James H. Moor is the Daniel P. Stone Professor of Intellectual and Moral Philosophy at Dartmouth College.  He earned his Ph.D. in 1972 from Indiana University.  Moor's 1985 paper entitled "What is Computer Ethics?" established him as one of the pioneering theoreticians in the field of computer ethics.  He has also written extensively on the Turing Test. His research includes study in philosophy of artificial intelligence, philosophy of mind, philosophy of science, and logic.

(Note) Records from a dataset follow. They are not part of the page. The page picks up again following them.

Lemma eventually_le_box (x0 y0 : R) : 0 < x0 -> 0 < y0 -> exists N : nat,
  forall alpha beta x y, orbit r a al_lo al_hi alpha x y -> orbit s b be_lo be_hi beta y x ->
  x O = x0 -> y O = y0 -> forall n, (N <= n)%nat -> x n <= Hx /\ y n <= Hy.
Proof.
  intros Hx0 Hy0.
  pose proof cx_pos as Hcx. pose proof cy_pos as Hcy.
  pose proof al_lo_pos as Hal0. pose proof be_lo_pos as Hbe0.
  (* Below Tx the y-equation keeps half of the margin s - b Hx, and symmetrically. *)
  set (Tx := Hx + (s - b * Hx) / (2 * b)). set (Ty := Hy + (r - a * Hy) / (2 * a)).
  assert (HTx : s - b * Tx = (s - b * Hx) / 2) by (unfold Tx; field; lra).
  assert (HTy : r - a * Ty = (r - a * Hy) / 2) by (unfold Ty; field; lra).
  assert (HxTx : Hx < Tx) by (unfold Tx; assert (0 < (s - b * Hx) / (2 * b)) by
    (apply Rdiv_lt_0_compat; lra); lra).
  assert (HyTy : Hy < Ty) by (unfold Ty; assert (0 < (r - a * Hy) / (2 * a)) by
    (apply Rdiv_lt_0_compat; lra); lra).
  destruct (orbit_eventually_le r a al_lo al_hi) with (T := Tx) (W := x0) as [Kx HKx]; try lra.
  destruct (orbit_eventually_le s b be_lo be_hi) with (T := Ty) (W := y0) as [Ky HKy]; try lra.
  set (N := (Kx + Ky)%nat).
  set (lx := Rmin (x0 * al_lo ^ N) (al_lo * ((r - a * Hy) / 4))).
  set (ly := Rmin (y0 * be_lo ^ N) (be_lo * ((s - b * Hx) / 4))).
  assert (Hlx : 0 < lx) by (apply Rmin_glb_lt; apply Rmult_lt_0_compat; try apply pow_lt; lra).
  assert (Hly : 0 < ly) by (apply Rmin_glb_lt; apply Rmult_lt_0_compat; try apply pow_lt; lra).
  destruct (orbit_eventually_le_H1 r a al_lo al_hi) with (T := Tx) (l := ly) as [Lx HLx];
    try lra.
  destruct (orbit_eventually_le_H1 s b be_lo be_hi) with (T := Ty) (l := lx) as [Ly HLy];
    try lra.
  exists (N + Lx + Ly)%nat.
  intros alpha beta x y CX CY Ex Ey.
  assert (Habove : forall n, (N <= n)%nat -> x n <= Tx /\ y n <= Ty).
  { intros n Hn. split; [apply (HKx alpha x y) | apply (HKy beta y x)]; auto; lra || lia. }
  assert (Hbelow : forall n, (N <= n)%nat -> lx <= x n /\ ly <= y n).
  { intros n Hn. unfold lx, ly. rewrite <- Ex, <- Ey. split.
    - apply (orbit_ge_Rmin r a al_lo al_hi) with (V := Ty) (al := alpha) (v := y);
        auto; try lra.
      intros m Hm. apply Habove, Hm.
    - apply (orbit_ge_Rmin s b be_lo be_hi) with (V := Tx) (al := beta) (v := x);
        auto; try lra.
      intros m Hm. apply Habove, Hm. }
  intros n Hn. split.
  - apply (HLx alpha x y N); auto; [intros m Hm; apply Hbelow, Hm | apply Habove | lia]; lia.
  - apply (HLy beta y x N); auto; [intros m Hm; apply Hbelow, Hm | apply Habove | lia]; lia.
Qed.

Lemma eventually_in_box (x0 y0 : R) : 0 < x0 -> 0 < y0 -> exists St : nat, (1 <= St)%nat /\
  forall alpha beta x y, orbit r a al_lo al_hi alpha x y -> orbit s b be_lo be_hi beta y x ->
  x O = x0 -> y O = y0 -> forall n, (St <= n)%nat -> inD a b r s al_lo be_lo h (x n) (y n).
Proof.
  intros Hx0 Hy0. destruct (eventually_le_box x0 y0 Hx0 Hy0) as [N HN].
  pose proof al_lo_pos as Hal0. pose proof be_lo_pos as Hbe0.
  pose proof h_lt_mx as Hhx. pose proof h_lt_my as Hhy.
  pose proof mx_le_cx as Hmx. pose proof my_le_cy as Hmy.
  assert (0 < x0 * al_lo ^ N) by (apply Rmult_lt_0_compat; [|apply pow_lt]; lra).
  assert (0 < y0 * be_lo ^ N) by (apply Rmult_lt_0_compat; [|apply pow_lt]; lra).
  destruct (orbit_eventually_ge r a al_lo al_hi)
    with (V := Hy) (mlo := mx) (h := h) (l0 := x0 * al_lo ^ N) as [Kx HKx];
    auto using mx_le_fmap; try lra.
  destruct (orbit_eventually_ge s b be_lo be_hi)
    with (V := Hx) (mlo := my) (h := h) (l0 := y0 * be_lo ^ N) as [Ky HKy];
    auto using my_le_fmap; try lra.
  exists (N + Kx + Ky + 1)%nat. split; [lia|].
  intros alpha beta x y CX CY Ex Ey n Hn. rewrite inD_iff.
  pose proof (orbit_ge_geometric r a al_lo al_hi Hal0 (proj2 Halh) alpha x y CX N) as GX.
  pose proof (orbit_ge_geometric s b be_lo be_hi Hbe0 (proj2 Hbeh) beta y x CY N) as GY.
  rewrite Ex in GX. rewrite Ey in GY.
  destruct (HN alpha beta x y CX CY Ex Ey n ltac:(lia)).
  assert (mx - h <= x n).
  { apply (HKx alpha x y N); auto; [|lia].
    intros m Hm. apply (HN alpha beta x y CX CY Ex Ey m Hm). }
  assert (my - h <= y n).
  { apply (HKy beta y x N); auto; [|lia].
    intros m Hm. destruct (HN alpha beta x y CX CY Ex Ey m Hm). auto. }
  lra.
Qed.

End Box.

Theorem mainTheorem4 (a b r s al_lo be_lo al_hi be_hi h : R) :
  0 < a < 1 -> 0 < b < 1 -> r > 2 -> s > 2 -> r > a * s -> s > b * r ->
  alpha_t b r s < al_lo < 1 -> beta_t a r s < be_lo < 1 ->
  al_lo < al_hi < 1 -> be_lo < be_hi < 1 ->
  0 < h < Rmin (c1lo a b r s al_lo be_lo) (c2lo a b r s al_lo be_lo) ->
  (forall alpha beta x y : nat -> R,
     admissible_seqs al_lo al_hi be_lo be_hi alpha beta ->
     is_solution a b r s alpha beta x y ->
     0 < x O -> 0 < y O ->
     ((inD a b r s al_lo be_lo 0 (x O) (y O) ->
        forall n : nat, (1 <= n)%nat -> inD a b r s al_lo be_lo 0 (x n) (y n)) /\
      (inD a b r s al_lo be_lo h (x O) (y O) ->
        forall n : nat, (1 <= n)%nat -> inD a b r s al_lo be_lo h (x n) (y n)))) /\
  (forall x0 y0 : R, 0 < x0 -> 0 < y0 ->
     ~ inD a b r s al_lo be_lo h x0 y0 ->
     exists St : nat, (1 <= St)%nat /\
       forall alpha beta x y : nat -> R,
         admissible_seqs al_lo al_hi be_lo be_hi alpha beta ->
         is_solution a b r s alpha beta x y ->
         x O = x0 -> y O = y0 ->
         forall n : nat, (St <= n)%nat -> inD a b r s al_lo be_lo h (x n) (y n)).
Proof.
  intros Ha Hb Hr Hs Hras Hsbr Hal Hbe Halh Hbeh Hh.
  pose proof (solution_orbits a b r s al_lo be_lo al_hi be_hi Hal Hbe Halh Hbeh) as Horbits.
  split.
  - intros alpha beta x y Had Hso Hx0 Hy0.
    destruct (Horbits alpha beta x y Had Hso Hx0 Hy0) as [CX CY].
    split; intros HD n _;
      apply (inD_invariant a b r s al_lo be_lo al_hi be_hi h
               Ha Hb Hr Hs Hras Hsbr Hal Hbe Halh Hbeh Hh _ alpha beta x y); auto; lra.
  - intros x0 y0 Hx0 Hy0 _.
    destruct (eventually_in_box a b r s al_lo be_lo al_hi be_hi h
                Ha Hb Hr Hs Hras Hsbr Hal Hbe Halh Hbeh Hh x0 y0 Hx0 Hy0) as [St [HSt HD]].
    exists St. split; [exact HSt|].
    intros alpha beta x y Had Hso Ex Ey. subst x0 y0.
    destruct (Horbits alpha beta x y Had Hso Hx0 Hy0) as [CX CY].
    exact (HD alpha beta x y CX CY eq_refl eq_refl).
Qed.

Moor was the editor-in-chief of Minds and Machines (2001-2010), a peer-reviewed academic journal covering artificial intelligence, philosophy, and cognitive science.

Work
Moor lists four kinds of robots in relation to ethics. A machine can be more than one type of agent.
Ethical impact agents: machine systems carrying an ethical impact whether intended or not. Moor gives the example of a watch causing a worker to be on work on time. As well as Ethical impact agents there are Unethical impact agents. Certain agents can be unethical impact agents at certain times and ethical impact agents at other times. He gives the example of what he calls a 'Goodman agent', named after philosopher Nelson Goodman. The Goodman agent compares dates "this was generated by programming yearly dates using only the last two digits of the year, which resulted in dates beyond 2000 being misleadingly treated as earlier than those in the late twentieth century. Thus the Goodman agent was an ethical impact agent before 2000, and an unethical impact agent thereafter."
Implicit ethical agents: machines constrained to avoid unethical outcomes.
Explicit ethical agents: Machines which have algorithms to act ethical.
Full ethical agents: Machines that are ethical in the same way humans are (i.e. have free will, consciousness and intentionality)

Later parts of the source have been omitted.